Source records:
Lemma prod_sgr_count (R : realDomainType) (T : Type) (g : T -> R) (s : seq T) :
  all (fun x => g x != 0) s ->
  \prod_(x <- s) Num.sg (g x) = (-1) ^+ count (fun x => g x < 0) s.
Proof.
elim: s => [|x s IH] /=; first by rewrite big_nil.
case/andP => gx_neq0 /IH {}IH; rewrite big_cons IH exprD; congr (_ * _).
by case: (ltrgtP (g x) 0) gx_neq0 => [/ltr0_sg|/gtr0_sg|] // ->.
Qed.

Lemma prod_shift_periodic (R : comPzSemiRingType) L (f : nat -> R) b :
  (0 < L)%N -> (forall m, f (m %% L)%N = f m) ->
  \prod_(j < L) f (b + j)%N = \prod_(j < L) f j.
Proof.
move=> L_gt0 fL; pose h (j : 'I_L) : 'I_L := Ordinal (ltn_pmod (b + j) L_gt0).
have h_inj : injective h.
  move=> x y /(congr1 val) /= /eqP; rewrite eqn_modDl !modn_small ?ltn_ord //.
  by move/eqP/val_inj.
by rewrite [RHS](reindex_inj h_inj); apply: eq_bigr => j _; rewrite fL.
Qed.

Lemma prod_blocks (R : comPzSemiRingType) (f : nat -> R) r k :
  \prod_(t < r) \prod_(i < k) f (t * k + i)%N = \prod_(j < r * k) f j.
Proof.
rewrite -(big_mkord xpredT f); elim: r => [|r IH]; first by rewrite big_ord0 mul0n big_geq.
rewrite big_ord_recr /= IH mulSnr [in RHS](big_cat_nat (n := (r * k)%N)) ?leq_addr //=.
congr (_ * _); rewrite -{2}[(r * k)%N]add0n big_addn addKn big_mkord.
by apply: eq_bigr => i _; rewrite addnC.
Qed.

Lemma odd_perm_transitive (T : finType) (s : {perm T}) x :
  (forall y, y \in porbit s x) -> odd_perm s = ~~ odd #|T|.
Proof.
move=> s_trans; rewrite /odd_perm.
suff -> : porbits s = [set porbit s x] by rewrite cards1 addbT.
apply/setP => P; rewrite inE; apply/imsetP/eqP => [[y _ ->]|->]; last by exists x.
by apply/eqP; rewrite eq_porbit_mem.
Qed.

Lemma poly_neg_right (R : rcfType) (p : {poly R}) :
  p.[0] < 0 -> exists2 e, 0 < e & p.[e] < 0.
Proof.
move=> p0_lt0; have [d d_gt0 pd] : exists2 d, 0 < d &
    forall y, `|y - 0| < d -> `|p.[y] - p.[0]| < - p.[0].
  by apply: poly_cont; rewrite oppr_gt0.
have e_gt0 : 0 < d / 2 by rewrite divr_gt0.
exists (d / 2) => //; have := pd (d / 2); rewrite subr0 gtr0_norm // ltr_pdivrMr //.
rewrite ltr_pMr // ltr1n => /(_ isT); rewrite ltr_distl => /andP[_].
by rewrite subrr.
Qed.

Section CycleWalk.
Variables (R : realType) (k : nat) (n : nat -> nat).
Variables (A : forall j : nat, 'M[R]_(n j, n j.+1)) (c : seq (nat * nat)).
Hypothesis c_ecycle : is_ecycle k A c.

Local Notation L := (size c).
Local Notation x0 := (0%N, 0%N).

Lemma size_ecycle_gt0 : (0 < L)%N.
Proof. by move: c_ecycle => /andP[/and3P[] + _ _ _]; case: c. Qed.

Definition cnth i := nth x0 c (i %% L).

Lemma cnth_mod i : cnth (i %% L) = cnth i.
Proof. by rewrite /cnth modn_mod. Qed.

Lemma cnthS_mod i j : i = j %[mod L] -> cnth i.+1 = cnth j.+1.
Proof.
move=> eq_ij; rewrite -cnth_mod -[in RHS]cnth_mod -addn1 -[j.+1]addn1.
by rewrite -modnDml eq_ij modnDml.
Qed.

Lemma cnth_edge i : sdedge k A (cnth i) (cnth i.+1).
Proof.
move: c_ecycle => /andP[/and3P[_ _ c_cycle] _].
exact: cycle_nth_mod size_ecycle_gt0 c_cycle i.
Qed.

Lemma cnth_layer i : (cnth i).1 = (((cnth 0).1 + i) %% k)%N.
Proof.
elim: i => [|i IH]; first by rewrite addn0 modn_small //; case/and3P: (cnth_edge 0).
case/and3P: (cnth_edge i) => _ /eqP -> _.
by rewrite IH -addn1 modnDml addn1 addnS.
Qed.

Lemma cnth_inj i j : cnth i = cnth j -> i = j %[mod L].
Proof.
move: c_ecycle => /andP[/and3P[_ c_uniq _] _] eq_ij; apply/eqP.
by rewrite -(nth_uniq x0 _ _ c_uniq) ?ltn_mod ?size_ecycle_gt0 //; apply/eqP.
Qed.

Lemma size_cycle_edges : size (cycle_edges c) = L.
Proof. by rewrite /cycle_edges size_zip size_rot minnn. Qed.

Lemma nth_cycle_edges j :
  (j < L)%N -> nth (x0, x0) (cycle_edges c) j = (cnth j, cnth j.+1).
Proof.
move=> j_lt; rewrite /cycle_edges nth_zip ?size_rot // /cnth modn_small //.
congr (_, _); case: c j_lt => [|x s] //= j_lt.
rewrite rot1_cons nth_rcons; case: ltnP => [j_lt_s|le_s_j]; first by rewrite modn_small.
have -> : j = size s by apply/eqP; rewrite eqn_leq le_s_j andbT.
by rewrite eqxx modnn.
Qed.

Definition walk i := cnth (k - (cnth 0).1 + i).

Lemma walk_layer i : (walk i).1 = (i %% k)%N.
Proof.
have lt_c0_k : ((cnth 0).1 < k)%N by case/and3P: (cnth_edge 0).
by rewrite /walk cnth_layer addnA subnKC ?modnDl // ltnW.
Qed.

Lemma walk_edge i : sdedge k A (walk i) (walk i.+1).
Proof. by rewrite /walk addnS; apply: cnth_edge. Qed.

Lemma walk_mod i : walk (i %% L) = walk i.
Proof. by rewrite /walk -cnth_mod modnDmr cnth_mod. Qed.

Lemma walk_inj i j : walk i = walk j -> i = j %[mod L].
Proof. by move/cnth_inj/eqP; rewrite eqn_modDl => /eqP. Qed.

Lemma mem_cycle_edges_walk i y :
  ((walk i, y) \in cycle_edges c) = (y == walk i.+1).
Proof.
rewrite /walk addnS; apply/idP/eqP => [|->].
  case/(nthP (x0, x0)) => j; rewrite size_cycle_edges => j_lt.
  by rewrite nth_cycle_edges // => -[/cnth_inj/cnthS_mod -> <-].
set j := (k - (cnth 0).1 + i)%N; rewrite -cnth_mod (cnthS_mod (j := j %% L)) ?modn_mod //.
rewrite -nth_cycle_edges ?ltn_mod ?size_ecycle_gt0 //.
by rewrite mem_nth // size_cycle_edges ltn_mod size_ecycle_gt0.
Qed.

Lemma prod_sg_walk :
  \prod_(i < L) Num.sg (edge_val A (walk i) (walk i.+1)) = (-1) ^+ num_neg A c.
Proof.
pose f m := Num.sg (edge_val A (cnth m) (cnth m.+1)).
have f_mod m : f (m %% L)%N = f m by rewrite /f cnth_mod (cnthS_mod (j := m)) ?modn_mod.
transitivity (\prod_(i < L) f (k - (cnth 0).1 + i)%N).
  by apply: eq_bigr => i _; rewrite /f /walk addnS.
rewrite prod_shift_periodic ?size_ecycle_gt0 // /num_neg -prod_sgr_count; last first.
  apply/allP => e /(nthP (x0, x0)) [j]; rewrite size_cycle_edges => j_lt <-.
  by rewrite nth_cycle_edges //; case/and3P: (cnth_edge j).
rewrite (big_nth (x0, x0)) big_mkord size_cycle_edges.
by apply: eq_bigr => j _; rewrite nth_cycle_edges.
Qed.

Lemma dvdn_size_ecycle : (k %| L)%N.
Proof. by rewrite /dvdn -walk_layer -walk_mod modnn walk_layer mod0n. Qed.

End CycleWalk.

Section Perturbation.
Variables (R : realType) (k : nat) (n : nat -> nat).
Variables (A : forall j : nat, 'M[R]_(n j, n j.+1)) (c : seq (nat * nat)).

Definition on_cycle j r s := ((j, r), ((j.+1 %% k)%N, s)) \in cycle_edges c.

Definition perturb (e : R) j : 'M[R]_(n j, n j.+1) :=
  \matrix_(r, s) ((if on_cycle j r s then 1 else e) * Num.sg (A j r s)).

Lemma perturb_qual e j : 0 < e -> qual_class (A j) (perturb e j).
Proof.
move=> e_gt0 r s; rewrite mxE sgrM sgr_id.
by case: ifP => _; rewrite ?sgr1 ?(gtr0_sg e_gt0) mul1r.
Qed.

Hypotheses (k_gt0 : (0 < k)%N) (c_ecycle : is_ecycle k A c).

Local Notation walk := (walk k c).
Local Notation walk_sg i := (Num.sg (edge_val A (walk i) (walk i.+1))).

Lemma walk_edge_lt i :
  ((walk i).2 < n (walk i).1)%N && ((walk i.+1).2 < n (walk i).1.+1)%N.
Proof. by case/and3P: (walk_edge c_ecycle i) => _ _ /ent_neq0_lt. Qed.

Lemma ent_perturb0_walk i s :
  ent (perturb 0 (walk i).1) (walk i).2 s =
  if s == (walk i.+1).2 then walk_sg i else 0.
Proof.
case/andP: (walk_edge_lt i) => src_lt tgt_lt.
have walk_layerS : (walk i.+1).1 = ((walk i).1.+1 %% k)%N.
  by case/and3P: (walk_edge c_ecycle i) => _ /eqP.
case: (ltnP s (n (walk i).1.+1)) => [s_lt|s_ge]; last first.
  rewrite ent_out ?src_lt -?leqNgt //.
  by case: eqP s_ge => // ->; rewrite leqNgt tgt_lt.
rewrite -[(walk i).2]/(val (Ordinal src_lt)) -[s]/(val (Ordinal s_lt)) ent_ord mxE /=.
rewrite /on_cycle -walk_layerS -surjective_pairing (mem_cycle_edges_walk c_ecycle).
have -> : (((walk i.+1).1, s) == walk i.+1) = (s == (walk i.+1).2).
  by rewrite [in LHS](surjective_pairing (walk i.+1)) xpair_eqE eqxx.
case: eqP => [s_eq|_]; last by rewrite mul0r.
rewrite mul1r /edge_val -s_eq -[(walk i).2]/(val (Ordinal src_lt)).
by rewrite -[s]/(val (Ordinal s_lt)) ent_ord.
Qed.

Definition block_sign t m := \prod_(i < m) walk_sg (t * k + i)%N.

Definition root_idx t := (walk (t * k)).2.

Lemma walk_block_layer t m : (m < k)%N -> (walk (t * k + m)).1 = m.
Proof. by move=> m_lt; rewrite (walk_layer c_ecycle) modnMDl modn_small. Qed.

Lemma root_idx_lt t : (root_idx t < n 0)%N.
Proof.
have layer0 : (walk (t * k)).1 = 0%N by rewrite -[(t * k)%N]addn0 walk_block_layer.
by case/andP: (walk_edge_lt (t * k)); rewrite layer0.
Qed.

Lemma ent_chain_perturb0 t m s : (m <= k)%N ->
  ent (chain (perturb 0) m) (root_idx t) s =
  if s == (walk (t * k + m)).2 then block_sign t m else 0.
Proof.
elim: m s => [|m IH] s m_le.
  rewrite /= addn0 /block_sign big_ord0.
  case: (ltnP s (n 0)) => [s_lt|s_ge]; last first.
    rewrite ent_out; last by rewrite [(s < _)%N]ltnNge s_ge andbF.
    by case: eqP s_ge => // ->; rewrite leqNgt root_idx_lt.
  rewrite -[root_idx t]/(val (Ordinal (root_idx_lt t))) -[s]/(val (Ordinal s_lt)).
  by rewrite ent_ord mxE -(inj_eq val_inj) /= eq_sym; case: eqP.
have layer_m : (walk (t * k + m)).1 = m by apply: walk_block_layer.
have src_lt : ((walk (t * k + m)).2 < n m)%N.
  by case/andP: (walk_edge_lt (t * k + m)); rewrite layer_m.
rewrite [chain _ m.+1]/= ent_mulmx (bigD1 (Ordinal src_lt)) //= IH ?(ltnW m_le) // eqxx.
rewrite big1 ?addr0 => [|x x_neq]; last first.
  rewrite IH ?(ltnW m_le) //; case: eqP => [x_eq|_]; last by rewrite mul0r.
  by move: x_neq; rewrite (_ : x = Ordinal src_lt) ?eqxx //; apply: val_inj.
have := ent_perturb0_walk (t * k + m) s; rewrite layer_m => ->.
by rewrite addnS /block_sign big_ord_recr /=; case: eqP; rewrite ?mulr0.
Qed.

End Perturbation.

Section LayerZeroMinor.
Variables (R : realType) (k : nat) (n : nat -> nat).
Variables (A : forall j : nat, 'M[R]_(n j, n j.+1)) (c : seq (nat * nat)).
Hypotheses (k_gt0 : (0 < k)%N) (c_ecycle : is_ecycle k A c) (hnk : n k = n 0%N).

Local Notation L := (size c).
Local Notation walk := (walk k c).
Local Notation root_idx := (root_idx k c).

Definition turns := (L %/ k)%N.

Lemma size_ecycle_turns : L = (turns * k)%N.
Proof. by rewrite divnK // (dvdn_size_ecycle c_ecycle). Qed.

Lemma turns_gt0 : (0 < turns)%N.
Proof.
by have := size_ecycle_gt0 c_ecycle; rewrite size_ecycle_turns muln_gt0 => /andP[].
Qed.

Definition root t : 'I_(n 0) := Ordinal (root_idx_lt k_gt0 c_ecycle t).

Assignment: Would you please copy, word for word, everything above from the line containing "by case: (ltrgtP" down to the line containing "Lemma prod_blocks (R", those two lines included?

Answer to this problem:
by case: (ltrgtP (g x) 0) gx_neq0 => [/ltr0_sg|/gtr0_sg|] // ->.
Qed.

Lemma prod_shift_periodic (R : comPzSemiRingType) L (f : nat -> R) b :
  (0 < L)%N -> (forall m, f (m %% L)%N = f m) ->
  \prod_(j < L) f (b + j)%N = \prod_(j < L) f j.
Proof.
move=> L_gt0 fL; pose h (j : 'I_L) : 'I_L := Ordinal (ltn_pmod (b + j) L_gt0).
have h_inj : injective h.
  move=> x y /(congr1 val) /= /eqP; rewrite eqn_modDl !modn_small ?ltn_ord //.
  by move/eqP/val_inj.
by rewrite [RHS](reindex_inj h_inj); apply: eq_bigr => j _; rewrite fL.
Qed.

Lemma prod_blocks (R : comPzSemiRingType) (f : nat -> R) r k :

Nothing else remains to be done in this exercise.